THE ROOM SUPRATIK is taken to is bare and ordinary: whitewashed walls, the white turned to a tallowy grey; a table with two chairs on either side; a naked bulb hanging down a dusty plait of red, green and white wires from the centre of the ceiling; a rusting steel almirah; no windows. It could be anywhere. Although he is handcuffed, this is not a prisoner’s cell; maybe an administrative room, someone’s office, a meeting chamber. The two policemen who have brought him in here leave without a word; he can hear the door being bolted and locked from the outside. He knows it will be a long while, maybe even a day, before anyone comes down, knows that this is the stage they call ‘pickling’, where they let a suspect sit in total isolation and silence so that the speculation of what awaits him can loosen the tight coil of what is a human mind or soul.
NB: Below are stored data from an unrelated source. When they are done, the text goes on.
(* Let $g_1,\dots,g_m\in\mathbb{R}[\mathbf{x}]$, $\mathbf{X}=\{\mathbf{x}\in\mathbb{R}^n:g_1(\mathbf{x})\ge0,\dots,g_m(\mathbf{x})\ge0\}$, and assume the quadratic module $\mathcal{M}(\mathfrak{g})$ is Archimedean. Let $f\in\mathbb{R}[\mathbf{x}]$ be positive on $\mathbf{X}$, let $\mathscr{A}=\operatorname{supp}(f)\cup\bigcup_{j=1}^m\operatorname{supp}(g_j)$, and let $\mathbf{R}$ be a binary matrix whose columns are the sign symmetries of $\mathscr{A}$. Then $f=\sigma_0+\sum_{j=1}^m\sigma_jg_j$ for some sums of squares polynomials $\sigma_0,\dots,\sigma_m$ such that $\mathbf{R}^\intercal\alpha\equiv\mathbf{0}\pmod 2$ for every $\alpha\in\operatorname{supp}(\sigma_j)$, $j=0,\dots,m$.
   Context: $\mathcal{M}(\mathfrak{g})=\{\sum_{j=0}^m\sigma_jg_j:\sigma_j\text{ sums of squares of polynomials}\}$ with $g_0=1$; it is Archimedean if $N-\|\mathbf{x}\|_2^2\in\mathcal{M}(\mathfrak{g})$ for some $N>0$. The sign symmetries of a finite set $\mathscr{A}\subseteq\mathbb{N}^n$ are all vectors $\mathbf{s}\in\{0,1\}^n$ with $\mathbf{s}^\intercal\alpha\equiv0\pmod2$ for all $\alpha\in\mathscr{A}$. $\operatorname{supp}$ denotes the set of exponents of monomials with nonzero coefficient. *)

From HB Require Import structures.
From mathcomp Require Import all_boot all_order all_algebra.
From mathcomp Require Import reals.
From mathcomp Require Import mpoly.
Set Implicit Arguments. Unset Strict Implicit. Unset Printing Implicit Defensive.
Import GRing.Theory Num.Theory.
Local Open Scope ring_scope.

Definition is_sos (R : realType) (n : nat) (p : {mpoly R[n]}) : Prop :=
  exists s : seq {mpoly R[n]}, p = \sum_(q <- s) q ^+ 2.

Definition in_qmodule (R : realType) (n m : nat) (g : 'I_m -> {mpoly R[n]})
    (p : {mpoly R[n]}) : Prop :=
  exists (s0 : {mpoly R[n]}) (s : 'I_m -> {mpoly R[n]}),
    [/\ is_sos s0, (forall j, is_sos (s j)) & p = s0 + \sum_(j < m) s j * g j].

Definition archimedean_qmodule (R : realType) (n m : nat)
    (g : 'I_m -> {mpoly R[n]}) : Prop :=
  exists N : R, 0 < N /\ in_qmodule g (N%:MP - \sum_(i < n) 'X_i ^+ 2).

Definition in_basic_set (R : realType) (n m : nat) (g : 'I_m -> {mpoly R[n]})
    (x : 'I_n -> R) : Prop :=
  forall j, 0 <= (g j).@[x].

Definition supp_set (R : realType) (n m : nat) (f : {mpoly R[n]})
    (g : 'I_m -> {mpoly R[n]}) (a : 'X_{1..n}) : Prop :=
  a \in msupp f \/ exists j, a \in msupp (g j).

Definition sdot (n : nat) (s : 'I_n -> bool) (a : 'X_{1..n}) : nat :=
  (\sum_(i < n) (s i : nat) * a i)%N.

Definition sign_symmetry (n : nat) (A : 'X_{1..n} -> Prop) (s : 'I_n -> bool)
    : Prop :=
  forall a, A a -> ~~ odd (sdot s a).

(* A sign symmetry r acts on R[x] by the ring automorphism x_i |-> (-1)^(r_i) x_i,
   which multiplies the coefficient of x^a by (-1)^(r^T a).  It therefore fixes f
   and every g_j and maps sums of squares to sums of squares, so averaging a Putinar
   certificate f = s_0 + sum_j s_j g_j over the group of sign symmetries gives
   another certificate.  In it the coefficient of x^a is multiplied by the mean of
   (-1)^(r^T a) over the group, which vanishes as soon as one symmetry has r^T a odd.

   Putinar's Positivstellensatz is proved by the Kadison-Dubois argument.  If -1 is
   not in M(g), let c = sup {r | f - r in M(g)}.  A maximal proper cone C containing
   M(g) and c - f is archimedean and total, so p |-> sup {r | p - r in C} is a
   positive linear functional L.  L kills the ideal generated by f - c, so
   {p | L(q^2 p) >= 0 for all q} is a proper archimedean quadratic module containing
   M(g) and c - f.  On a maximal such quadratic module the same construction is
   multiplicative, i.e. it is evaluation at a point x of X, where f(x) <= c.  Hence
   c > 0, and f = (f - r) + r with 0 < r close to c lies in M(g). *)

From HB Require Import structures.
From mathcomp Require Import all_boot all_order all_algebra.
From mathcomp Require Import reals.
From mathcomp Require Import mpoly.
From mathcomp Require Import boolp classical_sets.
From mathcomp Require Import ring lra.
Import Order.TTheory GRing.Theory Num.Theory.
Local Open Scope classical_set_scope.
Local Open Scope ring_scope.

Section Preliminaries.
Context {R : realType} {n : nat}.
Local Notation P := {mpoly R[n]}.

Lemma mpolyCVK (k : R) (x : P) : k != 0 -> k^-1%:MP * (k%:MP * x) = x.
Proof. by move=> k0; rewrite mulrA -mpolyCM mulVf // mpolyC1 mul1r. Qed.

Lemma is_sos0 : is_sos (0 : P). Proof. by exists [::]; rewrite big_nil. Qed.

Lemma is_sos_sqr (q : P) : is_sos (q ^+ 2).
Proof. by exists [:: q]; rewrite big_seq1. Qed.

Lemma is_sosD (a b : P) : is_sos a -> is_sos b -> is_sos (a + b).
Proof. by move=> [s ->] [t ->]; exists (s ++ t); rewrite big_cat. Qed.

Lemma is_sosM (a b : P) : is_sos a -> is_sos b -> is_sos (a * b).
Proof.
move=> [s ->] [t ->]; exists [seq x * y | x <- s, y <- t].
rewrite big_allpairs_dep mulr_suml; apply: eq_bigr => x _.
by rewrite mulr_sumr; apply: eq_bigr => y _; rewrite exprMn.
Qed.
Often it is easy, this undoing; knowledge helps nothing. Or, rather, the knowledge helps the other side in doing half its preparatory work for them, which is why Supratik decides not to allow his mind to stray into the territory of what he has heard of the ways people such as he are dealt with by the police; he is not going to make their work easier by presenting them with the unravelled weave of himself when they walk in.
But the mind is the most impossible thing to empty and Supratik runs up against the obstinately contrarian will of his the moment it thinks its strategy of resistance: he can think of nothing other than what lies in store for him. Quite aside from playing its treacherous, self-consuming game of dividing itself into two camps and pitching them in battle against each other, his mind — a different creature, really; embodied inside him but a separate presence — introduces yet another combat. He thinks of the recent ‘shoot to kill’ orders given to the police, the military and the Central Reserve Forces across seven states to deal with his kind. But, surely, if they take him not in action in the field, as it were, but from home, that diktat does not apply? Perhaps they will let him go, after roughing him up a bit to extract any information they think will be useful? From second to second the answer flicks between yes and no, yes and no, a mad, manic child playing with toy light-switches marked ‘Salvation’ and ‘Despair’. In some ways he is immaterial to this conflict. It is as if two abstract principles are locked in their gladiatorial confrontation in a morality play, and he is just the stage on which they perform their encounter.
The rattle of the bolt and lock outside returns him to the solidity of the room. The door opens. The man who is shown in by two uniformed flunkeys is not someone who answers Supratik’s mental image of an interrogator, or even a policeman. This short, shy-looking, middle-aged man, with his salt-and-pepper hair and moustache, his jowls beginning to sag, his eyes hidden and distorted behind the powerful bifocal lenses of his thick black-framed glasses, could be anything from a college lecturer to the manager of a local branch of the State Bank of India. The utter ordinariness of the object that he is carrying, and then sets down on the table, adds to this impression: a tired, much-used brown paper file. He moves the chair and sits down, facing Supratik, but somehow managing to keep his face in the penumbral region that the almirah creates on his side of the table. Throughout this meeting Supratik will never properly get to see his expression, the changeable meanings in his eyes.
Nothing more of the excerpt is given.